= About this exercise =
Each line in the records below, from the one that contains "(* the belief" to the one that contains "forall P, ME_model", should be reproduced exactly, the first and last included.

=== Records for the task ===

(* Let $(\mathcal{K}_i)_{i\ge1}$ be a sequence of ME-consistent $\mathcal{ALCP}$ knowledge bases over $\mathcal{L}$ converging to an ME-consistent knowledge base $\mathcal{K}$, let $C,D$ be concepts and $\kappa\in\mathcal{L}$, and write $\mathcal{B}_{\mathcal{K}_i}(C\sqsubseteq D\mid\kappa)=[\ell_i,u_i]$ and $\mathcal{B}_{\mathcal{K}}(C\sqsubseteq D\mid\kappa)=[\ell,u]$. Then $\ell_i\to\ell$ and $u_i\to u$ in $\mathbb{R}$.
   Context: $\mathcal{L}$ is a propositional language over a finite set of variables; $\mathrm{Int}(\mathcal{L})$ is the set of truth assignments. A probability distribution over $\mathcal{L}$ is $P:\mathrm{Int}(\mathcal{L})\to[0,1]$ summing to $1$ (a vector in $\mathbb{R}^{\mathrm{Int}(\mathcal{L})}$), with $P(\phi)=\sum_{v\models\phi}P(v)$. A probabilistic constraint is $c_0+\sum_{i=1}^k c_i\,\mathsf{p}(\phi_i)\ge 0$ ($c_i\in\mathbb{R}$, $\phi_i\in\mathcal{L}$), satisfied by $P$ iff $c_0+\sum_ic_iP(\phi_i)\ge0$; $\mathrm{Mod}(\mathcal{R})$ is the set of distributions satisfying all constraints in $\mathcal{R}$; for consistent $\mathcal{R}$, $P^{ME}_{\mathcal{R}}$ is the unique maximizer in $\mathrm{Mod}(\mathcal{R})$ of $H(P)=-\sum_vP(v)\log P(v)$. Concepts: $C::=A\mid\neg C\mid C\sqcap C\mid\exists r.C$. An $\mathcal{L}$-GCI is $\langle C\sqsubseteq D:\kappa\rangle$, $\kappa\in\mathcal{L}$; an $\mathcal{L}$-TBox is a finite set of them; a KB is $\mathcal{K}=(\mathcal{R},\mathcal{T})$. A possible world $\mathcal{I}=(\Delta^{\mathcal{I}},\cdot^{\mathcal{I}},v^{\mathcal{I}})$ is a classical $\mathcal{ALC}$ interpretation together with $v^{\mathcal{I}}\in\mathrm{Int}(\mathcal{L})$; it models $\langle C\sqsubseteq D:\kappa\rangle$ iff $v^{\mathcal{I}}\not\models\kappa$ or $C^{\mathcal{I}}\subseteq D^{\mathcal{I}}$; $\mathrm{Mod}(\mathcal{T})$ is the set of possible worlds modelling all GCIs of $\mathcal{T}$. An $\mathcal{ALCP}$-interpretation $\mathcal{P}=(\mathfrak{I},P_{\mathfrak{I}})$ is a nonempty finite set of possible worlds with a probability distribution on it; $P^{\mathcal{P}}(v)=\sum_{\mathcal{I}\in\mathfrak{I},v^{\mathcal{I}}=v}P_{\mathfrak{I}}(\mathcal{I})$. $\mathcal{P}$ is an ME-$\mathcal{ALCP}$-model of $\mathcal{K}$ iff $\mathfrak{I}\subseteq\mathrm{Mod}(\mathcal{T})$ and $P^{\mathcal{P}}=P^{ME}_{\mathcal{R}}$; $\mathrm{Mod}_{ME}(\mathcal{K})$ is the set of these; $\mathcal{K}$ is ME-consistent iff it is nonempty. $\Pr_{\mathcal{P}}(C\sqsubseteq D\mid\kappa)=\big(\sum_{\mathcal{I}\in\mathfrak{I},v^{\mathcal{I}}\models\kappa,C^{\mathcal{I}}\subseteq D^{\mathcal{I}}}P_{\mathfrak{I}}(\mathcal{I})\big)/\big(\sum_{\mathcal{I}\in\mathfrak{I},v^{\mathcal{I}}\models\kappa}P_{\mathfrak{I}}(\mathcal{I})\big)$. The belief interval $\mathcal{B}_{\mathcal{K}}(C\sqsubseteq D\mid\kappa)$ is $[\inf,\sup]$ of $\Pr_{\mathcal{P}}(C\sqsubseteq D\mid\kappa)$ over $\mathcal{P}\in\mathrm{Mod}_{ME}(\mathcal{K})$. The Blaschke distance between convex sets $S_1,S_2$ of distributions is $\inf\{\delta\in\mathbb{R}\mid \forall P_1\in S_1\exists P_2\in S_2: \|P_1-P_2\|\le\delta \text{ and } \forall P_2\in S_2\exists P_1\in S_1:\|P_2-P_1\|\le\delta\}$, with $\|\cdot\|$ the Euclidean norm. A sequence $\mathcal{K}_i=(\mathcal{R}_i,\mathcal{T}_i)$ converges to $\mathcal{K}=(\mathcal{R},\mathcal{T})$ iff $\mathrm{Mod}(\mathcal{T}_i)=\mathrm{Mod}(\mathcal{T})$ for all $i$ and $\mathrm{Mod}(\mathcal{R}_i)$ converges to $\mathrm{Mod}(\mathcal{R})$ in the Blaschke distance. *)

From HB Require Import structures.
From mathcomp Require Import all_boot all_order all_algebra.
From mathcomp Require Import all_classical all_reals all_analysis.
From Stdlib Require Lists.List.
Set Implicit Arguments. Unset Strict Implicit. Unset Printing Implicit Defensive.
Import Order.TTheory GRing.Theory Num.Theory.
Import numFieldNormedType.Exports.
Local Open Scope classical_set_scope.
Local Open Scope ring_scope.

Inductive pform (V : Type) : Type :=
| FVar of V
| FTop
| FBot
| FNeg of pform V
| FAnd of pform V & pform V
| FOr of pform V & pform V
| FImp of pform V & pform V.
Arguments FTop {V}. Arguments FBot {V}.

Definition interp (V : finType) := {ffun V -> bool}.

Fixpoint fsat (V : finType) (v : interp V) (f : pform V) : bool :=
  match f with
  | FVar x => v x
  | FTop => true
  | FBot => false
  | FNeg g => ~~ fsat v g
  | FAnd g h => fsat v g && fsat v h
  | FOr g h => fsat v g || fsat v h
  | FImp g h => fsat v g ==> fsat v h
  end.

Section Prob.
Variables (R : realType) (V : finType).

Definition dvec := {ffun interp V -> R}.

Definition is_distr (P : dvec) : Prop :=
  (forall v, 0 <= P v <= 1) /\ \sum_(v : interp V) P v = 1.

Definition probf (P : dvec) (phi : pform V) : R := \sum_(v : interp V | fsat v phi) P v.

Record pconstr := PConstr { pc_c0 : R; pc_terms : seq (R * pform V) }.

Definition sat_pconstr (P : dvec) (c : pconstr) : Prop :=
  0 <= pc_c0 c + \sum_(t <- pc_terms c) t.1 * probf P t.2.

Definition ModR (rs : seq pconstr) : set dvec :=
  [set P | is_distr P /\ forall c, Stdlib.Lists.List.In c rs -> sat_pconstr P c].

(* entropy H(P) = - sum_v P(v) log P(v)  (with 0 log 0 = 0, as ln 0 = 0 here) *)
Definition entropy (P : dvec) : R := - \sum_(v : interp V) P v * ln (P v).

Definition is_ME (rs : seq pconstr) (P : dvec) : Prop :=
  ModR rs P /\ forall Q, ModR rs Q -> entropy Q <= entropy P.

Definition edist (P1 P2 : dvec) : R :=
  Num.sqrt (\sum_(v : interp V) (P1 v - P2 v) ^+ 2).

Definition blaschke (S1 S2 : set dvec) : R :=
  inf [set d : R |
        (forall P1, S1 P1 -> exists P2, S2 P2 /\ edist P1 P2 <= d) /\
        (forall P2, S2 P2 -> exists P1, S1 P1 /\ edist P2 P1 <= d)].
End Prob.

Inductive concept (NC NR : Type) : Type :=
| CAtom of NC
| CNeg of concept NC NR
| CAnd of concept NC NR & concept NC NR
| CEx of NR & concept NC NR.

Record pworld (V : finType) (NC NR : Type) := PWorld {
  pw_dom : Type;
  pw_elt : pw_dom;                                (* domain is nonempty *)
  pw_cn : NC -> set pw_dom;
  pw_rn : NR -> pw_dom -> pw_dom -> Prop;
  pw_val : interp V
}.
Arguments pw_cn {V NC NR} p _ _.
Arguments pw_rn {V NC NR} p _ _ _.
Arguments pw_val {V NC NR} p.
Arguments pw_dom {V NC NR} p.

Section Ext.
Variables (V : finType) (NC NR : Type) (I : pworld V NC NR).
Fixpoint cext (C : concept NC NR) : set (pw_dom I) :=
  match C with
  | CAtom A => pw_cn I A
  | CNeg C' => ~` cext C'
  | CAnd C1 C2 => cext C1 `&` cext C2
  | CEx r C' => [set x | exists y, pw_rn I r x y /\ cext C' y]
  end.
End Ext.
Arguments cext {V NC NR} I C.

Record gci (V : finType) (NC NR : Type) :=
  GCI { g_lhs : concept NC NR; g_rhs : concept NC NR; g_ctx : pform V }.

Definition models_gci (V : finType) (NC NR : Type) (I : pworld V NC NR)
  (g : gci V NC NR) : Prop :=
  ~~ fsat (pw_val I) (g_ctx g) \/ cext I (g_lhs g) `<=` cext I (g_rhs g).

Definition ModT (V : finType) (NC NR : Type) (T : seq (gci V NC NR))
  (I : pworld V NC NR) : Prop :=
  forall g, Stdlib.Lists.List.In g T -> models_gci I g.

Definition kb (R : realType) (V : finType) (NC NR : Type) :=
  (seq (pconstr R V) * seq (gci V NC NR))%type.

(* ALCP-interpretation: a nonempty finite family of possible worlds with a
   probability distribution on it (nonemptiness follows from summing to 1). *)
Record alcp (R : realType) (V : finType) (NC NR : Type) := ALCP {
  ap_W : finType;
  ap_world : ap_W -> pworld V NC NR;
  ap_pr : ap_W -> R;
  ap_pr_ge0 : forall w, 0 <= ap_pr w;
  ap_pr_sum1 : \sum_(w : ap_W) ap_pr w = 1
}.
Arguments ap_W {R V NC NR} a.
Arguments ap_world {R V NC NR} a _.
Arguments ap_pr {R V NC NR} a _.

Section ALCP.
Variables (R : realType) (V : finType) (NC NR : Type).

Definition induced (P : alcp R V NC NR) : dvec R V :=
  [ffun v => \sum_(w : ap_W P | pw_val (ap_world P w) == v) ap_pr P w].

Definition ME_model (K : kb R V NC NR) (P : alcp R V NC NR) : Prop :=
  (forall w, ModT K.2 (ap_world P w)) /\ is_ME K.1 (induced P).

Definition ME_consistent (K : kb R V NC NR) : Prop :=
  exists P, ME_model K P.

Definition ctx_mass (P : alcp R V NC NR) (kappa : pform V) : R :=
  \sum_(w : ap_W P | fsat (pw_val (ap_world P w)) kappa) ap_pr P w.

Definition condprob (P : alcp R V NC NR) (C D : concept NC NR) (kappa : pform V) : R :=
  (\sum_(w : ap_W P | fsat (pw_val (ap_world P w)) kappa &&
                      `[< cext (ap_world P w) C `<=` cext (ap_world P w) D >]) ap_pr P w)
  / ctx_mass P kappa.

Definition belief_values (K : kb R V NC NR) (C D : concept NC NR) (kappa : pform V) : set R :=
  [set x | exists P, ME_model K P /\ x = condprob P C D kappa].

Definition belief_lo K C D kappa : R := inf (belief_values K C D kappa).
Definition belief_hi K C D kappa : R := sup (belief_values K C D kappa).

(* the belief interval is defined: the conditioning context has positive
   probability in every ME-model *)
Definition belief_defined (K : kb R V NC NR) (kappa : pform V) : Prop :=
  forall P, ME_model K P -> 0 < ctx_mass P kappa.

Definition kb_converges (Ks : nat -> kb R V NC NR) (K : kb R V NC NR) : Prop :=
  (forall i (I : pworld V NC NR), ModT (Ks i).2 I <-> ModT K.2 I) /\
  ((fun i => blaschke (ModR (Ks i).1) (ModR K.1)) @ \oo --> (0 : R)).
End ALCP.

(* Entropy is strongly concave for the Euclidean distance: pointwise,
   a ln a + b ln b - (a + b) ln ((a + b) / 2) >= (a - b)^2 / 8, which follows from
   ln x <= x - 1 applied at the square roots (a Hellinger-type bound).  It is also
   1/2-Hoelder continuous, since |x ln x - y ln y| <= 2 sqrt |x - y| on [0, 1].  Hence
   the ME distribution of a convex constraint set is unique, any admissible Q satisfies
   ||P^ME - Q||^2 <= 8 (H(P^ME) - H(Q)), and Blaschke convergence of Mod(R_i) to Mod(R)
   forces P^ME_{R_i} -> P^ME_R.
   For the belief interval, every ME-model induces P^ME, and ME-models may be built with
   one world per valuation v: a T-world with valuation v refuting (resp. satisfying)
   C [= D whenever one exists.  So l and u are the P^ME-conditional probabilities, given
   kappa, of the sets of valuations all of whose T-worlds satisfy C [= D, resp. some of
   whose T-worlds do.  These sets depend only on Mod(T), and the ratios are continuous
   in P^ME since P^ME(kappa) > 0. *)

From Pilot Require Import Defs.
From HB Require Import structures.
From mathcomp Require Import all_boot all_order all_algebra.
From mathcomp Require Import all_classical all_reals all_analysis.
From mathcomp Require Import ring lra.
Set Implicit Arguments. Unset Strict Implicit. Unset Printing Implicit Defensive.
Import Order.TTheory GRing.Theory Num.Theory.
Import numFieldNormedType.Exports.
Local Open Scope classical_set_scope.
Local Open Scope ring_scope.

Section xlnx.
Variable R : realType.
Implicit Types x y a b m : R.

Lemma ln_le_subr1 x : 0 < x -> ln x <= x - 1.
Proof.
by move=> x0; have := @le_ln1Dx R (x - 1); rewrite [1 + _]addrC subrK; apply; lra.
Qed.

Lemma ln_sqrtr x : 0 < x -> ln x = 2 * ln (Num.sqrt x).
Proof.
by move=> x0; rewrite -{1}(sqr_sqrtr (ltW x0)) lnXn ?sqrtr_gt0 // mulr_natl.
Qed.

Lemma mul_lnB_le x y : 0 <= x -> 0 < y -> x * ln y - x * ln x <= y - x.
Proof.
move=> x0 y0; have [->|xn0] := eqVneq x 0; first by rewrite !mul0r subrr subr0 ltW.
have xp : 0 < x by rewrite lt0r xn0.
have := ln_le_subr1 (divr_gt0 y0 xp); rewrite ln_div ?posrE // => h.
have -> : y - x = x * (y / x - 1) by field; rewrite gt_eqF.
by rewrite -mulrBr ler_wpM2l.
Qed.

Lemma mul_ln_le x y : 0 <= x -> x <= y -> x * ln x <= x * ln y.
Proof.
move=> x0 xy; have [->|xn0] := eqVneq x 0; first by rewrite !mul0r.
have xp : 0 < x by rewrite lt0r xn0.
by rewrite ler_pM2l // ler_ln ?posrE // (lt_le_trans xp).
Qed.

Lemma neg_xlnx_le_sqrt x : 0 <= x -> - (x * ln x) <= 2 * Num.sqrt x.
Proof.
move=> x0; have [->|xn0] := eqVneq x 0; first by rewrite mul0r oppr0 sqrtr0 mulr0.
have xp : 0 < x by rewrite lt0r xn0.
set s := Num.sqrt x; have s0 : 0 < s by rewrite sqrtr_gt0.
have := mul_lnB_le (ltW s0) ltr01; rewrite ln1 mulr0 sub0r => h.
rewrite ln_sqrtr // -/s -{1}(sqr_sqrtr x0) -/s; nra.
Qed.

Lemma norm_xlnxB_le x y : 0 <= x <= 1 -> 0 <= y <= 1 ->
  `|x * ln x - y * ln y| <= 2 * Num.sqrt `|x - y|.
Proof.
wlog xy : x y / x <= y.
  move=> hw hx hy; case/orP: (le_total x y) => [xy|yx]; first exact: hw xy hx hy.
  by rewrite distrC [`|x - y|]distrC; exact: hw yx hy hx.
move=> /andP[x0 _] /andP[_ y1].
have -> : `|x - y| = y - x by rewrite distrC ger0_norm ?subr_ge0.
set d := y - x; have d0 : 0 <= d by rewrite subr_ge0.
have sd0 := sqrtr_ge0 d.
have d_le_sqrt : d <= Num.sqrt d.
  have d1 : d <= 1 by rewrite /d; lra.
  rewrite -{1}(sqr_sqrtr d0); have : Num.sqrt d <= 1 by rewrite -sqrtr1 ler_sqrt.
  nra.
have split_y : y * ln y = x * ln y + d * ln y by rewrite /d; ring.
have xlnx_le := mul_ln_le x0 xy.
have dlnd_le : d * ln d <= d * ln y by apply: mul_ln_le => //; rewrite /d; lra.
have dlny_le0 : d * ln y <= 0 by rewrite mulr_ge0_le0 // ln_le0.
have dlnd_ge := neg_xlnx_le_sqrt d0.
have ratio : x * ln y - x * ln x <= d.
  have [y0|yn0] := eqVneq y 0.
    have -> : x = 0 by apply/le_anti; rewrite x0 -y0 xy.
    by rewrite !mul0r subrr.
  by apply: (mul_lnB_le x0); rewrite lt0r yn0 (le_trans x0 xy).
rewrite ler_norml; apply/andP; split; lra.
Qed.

===

= Written answer =
(* the belief interval is defined: the conditioning context has positive
   probability in every ME-model *)
Definition belief_defined (K : kb R V NC NR) (kappa : pform V) : Prop :=
  forall P, ME_model K P -> 0 < ctx_mass P kappa.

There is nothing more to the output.